→ WHAT TO DO:
In the records below, find the line that contains "Lemma is_RInt_moment kappa" and the line that contains "assert (Hsq : (-1) ^ a * (-1) ^ a = 1)". Set down exactly those lines and every line between them, and nothing more.
____________
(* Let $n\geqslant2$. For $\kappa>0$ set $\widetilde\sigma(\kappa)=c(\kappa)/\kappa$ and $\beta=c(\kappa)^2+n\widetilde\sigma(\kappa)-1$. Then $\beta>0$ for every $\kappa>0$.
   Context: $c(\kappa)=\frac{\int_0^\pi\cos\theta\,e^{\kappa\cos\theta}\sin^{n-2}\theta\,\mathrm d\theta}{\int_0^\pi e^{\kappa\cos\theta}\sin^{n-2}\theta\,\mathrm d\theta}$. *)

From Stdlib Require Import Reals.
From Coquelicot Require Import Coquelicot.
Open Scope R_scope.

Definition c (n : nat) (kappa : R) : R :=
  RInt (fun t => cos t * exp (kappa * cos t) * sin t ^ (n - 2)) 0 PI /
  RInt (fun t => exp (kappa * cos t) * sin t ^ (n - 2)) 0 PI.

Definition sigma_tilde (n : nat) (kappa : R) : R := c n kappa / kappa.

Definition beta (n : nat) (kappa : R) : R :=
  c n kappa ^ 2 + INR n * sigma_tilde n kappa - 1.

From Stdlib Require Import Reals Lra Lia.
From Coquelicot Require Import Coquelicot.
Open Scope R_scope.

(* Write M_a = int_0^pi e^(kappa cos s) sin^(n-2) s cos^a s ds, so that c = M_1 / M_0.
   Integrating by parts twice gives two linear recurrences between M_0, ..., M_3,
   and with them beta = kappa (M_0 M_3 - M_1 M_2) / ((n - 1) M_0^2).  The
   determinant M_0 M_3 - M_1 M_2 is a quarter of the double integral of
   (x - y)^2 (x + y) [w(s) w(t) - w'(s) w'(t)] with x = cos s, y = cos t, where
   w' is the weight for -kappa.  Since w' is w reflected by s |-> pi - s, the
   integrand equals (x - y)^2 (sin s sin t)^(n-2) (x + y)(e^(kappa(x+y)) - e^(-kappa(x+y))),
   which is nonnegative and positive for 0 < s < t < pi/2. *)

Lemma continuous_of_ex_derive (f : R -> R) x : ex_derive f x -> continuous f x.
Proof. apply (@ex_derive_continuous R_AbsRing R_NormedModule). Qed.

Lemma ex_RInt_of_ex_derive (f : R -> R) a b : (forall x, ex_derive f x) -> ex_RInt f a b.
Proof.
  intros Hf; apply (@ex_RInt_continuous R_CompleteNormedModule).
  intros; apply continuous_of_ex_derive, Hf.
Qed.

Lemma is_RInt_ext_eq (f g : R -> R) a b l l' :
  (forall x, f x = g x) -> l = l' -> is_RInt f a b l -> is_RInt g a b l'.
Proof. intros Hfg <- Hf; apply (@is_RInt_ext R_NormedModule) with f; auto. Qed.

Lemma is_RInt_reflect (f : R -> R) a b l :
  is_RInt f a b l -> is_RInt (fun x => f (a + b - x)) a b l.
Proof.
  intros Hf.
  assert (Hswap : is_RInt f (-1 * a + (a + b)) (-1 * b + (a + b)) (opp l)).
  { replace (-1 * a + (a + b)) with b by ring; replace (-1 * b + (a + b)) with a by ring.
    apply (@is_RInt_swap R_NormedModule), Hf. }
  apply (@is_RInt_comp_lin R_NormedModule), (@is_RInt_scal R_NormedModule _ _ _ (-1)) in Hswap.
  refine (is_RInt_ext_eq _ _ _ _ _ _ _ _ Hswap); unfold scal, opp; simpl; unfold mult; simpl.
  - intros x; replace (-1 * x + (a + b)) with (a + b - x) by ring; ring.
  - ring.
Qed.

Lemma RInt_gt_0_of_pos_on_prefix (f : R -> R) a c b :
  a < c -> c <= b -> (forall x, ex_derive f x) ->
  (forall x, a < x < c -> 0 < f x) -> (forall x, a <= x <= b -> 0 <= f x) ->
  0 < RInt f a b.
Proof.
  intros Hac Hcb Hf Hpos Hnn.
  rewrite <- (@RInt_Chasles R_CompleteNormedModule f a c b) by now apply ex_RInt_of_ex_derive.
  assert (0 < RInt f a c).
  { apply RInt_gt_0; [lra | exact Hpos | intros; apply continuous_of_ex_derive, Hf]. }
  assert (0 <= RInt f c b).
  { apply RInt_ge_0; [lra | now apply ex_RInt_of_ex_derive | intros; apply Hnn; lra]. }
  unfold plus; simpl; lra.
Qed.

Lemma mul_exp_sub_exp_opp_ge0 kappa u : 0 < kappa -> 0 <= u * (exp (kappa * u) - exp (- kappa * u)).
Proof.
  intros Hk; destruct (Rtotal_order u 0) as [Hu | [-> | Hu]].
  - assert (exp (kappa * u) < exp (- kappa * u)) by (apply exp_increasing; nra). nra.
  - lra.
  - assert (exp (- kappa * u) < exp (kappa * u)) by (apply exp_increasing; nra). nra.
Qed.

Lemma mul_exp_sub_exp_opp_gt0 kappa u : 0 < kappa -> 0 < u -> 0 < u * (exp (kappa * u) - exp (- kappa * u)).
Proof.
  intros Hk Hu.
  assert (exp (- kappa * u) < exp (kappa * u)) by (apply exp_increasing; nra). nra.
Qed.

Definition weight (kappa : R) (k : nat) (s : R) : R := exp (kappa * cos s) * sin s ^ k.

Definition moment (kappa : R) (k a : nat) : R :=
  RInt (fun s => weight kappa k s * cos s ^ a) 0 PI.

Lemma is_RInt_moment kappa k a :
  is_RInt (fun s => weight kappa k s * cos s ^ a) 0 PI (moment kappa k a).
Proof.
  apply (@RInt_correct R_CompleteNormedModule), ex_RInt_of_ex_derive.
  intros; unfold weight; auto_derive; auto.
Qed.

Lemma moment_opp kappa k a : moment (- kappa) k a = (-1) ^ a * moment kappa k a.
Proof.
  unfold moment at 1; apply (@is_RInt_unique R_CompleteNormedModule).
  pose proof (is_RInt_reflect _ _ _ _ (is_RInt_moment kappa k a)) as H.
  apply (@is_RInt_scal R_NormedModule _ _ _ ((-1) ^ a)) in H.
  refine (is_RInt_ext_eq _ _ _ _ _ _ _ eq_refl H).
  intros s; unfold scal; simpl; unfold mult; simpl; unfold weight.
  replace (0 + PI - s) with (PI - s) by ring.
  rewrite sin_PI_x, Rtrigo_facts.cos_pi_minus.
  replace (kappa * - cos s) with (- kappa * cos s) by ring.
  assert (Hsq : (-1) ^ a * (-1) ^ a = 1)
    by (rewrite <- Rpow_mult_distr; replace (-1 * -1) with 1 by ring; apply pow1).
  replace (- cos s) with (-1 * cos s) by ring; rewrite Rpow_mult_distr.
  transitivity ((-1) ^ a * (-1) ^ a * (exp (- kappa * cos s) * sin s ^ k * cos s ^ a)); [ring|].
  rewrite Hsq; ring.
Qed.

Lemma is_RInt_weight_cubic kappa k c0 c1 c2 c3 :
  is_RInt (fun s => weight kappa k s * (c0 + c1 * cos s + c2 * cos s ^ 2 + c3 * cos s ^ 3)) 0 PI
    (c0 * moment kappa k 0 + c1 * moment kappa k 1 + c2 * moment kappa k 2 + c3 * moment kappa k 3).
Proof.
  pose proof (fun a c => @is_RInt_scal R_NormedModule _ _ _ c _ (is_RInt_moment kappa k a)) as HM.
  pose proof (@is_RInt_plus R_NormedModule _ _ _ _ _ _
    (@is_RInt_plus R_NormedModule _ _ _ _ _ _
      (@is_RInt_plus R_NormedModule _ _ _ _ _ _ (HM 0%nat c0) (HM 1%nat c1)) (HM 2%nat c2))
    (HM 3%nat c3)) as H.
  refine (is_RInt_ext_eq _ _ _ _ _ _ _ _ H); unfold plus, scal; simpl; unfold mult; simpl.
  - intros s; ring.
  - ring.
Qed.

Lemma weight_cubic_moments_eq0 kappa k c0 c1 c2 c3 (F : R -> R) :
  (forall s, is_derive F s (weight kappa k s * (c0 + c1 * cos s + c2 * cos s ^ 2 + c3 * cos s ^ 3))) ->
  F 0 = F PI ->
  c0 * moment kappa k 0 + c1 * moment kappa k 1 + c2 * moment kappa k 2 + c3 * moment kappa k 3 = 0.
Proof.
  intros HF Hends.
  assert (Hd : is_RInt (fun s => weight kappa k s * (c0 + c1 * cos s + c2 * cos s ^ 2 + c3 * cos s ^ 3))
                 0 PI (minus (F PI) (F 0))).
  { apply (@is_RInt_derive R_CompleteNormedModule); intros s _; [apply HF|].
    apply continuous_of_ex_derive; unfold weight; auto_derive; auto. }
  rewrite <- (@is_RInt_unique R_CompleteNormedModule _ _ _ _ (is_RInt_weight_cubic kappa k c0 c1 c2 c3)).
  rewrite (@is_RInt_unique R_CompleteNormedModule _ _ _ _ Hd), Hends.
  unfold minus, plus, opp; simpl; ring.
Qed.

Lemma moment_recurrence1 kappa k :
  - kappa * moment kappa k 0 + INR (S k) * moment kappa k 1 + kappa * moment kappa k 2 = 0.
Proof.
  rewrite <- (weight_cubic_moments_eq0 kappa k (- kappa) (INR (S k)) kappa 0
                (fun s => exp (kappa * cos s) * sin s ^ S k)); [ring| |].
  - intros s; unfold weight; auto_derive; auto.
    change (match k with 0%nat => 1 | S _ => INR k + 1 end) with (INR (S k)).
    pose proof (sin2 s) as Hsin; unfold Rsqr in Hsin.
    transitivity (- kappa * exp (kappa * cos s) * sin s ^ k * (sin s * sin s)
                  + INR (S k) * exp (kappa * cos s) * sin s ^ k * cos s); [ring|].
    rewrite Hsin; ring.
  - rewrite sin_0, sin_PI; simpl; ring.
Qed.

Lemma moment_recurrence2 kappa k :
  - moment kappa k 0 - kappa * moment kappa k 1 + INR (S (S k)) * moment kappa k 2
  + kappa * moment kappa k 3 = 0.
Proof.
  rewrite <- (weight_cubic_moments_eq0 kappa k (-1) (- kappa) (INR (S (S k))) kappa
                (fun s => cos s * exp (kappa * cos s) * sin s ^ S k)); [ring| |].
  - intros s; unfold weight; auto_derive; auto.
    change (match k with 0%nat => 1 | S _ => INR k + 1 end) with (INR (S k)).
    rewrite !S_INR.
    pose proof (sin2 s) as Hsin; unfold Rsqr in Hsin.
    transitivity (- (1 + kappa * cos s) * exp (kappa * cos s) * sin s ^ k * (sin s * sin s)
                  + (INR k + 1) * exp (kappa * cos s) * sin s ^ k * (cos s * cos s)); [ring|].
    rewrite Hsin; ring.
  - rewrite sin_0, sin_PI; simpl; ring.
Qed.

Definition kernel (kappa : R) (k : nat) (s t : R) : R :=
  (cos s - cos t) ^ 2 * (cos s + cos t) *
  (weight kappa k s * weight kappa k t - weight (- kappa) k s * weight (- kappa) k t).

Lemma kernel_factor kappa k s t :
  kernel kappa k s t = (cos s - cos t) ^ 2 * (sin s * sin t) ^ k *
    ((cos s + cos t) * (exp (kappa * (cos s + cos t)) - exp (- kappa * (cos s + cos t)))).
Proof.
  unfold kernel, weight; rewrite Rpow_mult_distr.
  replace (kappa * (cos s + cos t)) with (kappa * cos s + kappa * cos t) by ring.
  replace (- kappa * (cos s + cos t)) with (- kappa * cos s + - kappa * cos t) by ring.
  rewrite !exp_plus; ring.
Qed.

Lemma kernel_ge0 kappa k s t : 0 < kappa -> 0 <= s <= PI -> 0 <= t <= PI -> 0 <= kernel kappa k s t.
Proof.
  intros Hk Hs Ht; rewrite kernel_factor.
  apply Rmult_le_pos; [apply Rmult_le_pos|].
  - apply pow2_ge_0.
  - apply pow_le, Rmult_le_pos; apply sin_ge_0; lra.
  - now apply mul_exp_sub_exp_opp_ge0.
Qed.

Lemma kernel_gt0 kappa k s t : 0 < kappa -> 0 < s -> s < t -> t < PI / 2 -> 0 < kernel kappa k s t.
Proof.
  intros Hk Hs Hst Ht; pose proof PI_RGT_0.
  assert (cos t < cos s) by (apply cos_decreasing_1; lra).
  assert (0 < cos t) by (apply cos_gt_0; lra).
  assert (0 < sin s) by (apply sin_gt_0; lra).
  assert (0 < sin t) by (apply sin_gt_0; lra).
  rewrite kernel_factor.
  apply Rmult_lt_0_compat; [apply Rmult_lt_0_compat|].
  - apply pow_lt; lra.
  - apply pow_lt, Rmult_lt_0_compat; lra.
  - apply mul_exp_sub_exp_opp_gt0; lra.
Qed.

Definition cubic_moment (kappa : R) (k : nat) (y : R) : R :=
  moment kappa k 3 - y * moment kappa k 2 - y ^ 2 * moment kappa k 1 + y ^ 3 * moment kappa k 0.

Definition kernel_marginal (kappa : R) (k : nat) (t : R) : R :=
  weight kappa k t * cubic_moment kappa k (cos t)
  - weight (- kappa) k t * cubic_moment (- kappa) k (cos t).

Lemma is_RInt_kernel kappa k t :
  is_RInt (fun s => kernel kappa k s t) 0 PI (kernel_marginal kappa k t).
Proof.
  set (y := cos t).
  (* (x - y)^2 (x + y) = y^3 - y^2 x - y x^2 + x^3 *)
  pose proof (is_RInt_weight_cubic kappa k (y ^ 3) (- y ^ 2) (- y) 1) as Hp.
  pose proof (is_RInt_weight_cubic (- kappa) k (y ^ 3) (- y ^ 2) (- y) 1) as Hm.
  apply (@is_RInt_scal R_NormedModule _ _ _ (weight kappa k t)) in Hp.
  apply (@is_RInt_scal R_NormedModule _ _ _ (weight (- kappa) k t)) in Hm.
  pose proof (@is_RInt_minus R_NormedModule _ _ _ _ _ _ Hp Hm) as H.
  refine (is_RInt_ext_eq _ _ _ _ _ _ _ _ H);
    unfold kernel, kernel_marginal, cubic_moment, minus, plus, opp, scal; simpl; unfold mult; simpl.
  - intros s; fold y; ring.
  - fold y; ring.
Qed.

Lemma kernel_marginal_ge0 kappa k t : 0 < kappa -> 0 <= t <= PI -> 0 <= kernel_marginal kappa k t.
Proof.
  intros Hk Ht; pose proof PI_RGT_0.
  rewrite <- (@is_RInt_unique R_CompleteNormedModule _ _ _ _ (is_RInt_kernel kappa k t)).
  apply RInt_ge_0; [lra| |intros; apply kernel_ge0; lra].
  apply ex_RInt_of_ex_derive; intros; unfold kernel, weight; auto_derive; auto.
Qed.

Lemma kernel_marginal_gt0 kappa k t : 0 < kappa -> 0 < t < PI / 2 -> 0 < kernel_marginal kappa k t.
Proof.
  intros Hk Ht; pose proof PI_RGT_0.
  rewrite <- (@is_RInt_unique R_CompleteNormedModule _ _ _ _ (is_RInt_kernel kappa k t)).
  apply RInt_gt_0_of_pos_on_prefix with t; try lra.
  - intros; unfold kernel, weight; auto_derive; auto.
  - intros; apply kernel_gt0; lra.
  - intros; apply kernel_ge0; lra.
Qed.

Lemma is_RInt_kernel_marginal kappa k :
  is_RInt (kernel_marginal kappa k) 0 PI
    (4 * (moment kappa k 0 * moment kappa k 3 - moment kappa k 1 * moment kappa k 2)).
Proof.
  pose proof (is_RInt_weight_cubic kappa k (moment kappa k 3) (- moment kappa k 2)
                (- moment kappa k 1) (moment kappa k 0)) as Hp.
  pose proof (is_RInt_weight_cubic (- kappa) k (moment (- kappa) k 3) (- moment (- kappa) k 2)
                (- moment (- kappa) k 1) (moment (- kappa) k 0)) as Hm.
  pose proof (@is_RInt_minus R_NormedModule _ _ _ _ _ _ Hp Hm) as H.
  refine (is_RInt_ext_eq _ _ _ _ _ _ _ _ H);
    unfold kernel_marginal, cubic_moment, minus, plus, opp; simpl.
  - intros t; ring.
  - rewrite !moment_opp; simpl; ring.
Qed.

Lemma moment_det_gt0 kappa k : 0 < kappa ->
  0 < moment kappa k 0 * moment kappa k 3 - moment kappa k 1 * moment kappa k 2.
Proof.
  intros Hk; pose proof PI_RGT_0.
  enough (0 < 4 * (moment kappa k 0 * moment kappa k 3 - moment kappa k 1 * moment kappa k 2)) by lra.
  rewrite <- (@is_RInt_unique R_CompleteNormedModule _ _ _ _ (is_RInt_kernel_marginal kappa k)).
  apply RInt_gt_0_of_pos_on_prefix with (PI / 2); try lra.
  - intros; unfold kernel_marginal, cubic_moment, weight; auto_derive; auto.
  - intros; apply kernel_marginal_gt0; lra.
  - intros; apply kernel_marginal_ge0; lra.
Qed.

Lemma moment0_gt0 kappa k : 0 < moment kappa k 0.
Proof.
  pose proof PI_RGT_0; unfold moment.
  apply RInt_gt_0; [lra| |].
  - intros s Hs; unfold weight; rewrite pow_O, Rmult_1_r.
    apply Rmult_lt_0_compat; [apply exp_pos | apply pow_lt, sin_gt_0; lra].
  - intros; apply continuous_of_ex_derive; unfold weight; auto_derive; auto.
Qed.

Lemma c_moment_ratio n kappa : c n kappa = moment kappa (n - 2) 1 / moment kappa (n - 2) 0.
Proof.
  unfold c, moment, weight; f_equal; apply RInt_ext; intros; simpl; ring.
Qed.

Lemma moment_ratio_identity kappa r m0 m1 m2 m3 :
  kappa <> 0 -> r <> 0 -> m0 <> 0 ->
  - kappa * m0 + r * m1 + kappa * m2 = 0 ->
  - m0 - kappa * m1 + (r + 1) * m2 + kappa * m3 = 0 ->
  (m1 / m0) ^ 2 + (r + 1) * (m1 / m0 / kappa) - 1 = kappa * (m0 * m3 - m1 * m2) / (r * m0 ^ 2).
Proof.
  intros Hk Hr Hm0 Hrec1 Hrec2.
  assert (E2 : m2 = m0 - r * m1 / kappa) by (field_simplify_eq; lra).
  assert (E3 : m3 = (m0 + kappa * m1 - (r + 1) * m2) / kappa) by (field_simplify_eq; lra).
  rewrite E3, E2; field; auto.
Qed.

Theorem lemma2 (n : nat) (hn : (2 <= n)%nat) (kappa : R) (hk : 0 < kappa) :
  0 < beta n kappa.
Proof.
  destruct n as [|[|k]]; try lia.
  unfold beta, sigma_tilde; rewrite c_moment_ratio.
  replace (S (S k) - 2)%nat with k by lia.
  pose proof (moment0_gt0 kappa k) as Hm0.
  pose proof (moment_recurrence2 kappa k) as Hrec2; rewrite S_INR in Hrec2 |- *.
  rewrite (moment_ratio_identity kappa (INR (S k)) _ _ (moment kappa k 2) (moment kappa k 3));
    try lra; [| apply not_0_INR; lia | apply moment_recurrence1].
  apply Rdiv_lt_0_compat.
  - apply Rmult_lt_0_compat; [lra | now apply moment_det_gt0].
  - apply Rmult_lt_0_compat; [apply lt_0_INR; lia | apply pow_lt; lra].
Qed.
____________
→ SOLUTION TO THIS EXERCISE:
Lemma is_RInt_moment kappa k a :
  is_RInt (fun s => weight kappa k s * cos s ^ a) 0 PI (moment kappa k a).
Proof.
  apply (@RInt_correct R_CompleteNormedModule), ex_RInt_of_ex_derive.
  intros; unfold weight; auto_derive; auto.
Qed.

Lemma moment_opp kappa k a : moment (- kappa) k a = (-1) ^ a * moment kappa k a.
Proof.
  unfold moment at 1; apply (@is_RInt_unique R_CompleteNormedModule).
  pose proof (is_RInt_reflect _ _ _ _ (is_RInt_moment kappa k a)) as H.
  apply (@is_RInt_scal R_NormedModule _ _ _ ((-1) ^ a)) in H.
  refine (is_RInt_ext_eq _ _ _ _ _ _ _ eq_refl H).
  intros s; unfold scal; simpl; unfold mult; simpl; unfold weight.
  replace (0 + PI - s) with (PI - s) by ring.
  rewrite sin_PI_x, Rtrigo_facts.cos_pi_minus.
  replace (kappa * - cos s) with (- kappa * cos s) by ring.
  assert (Hsq : (-1) ^ a * (-1) ^ a = 1)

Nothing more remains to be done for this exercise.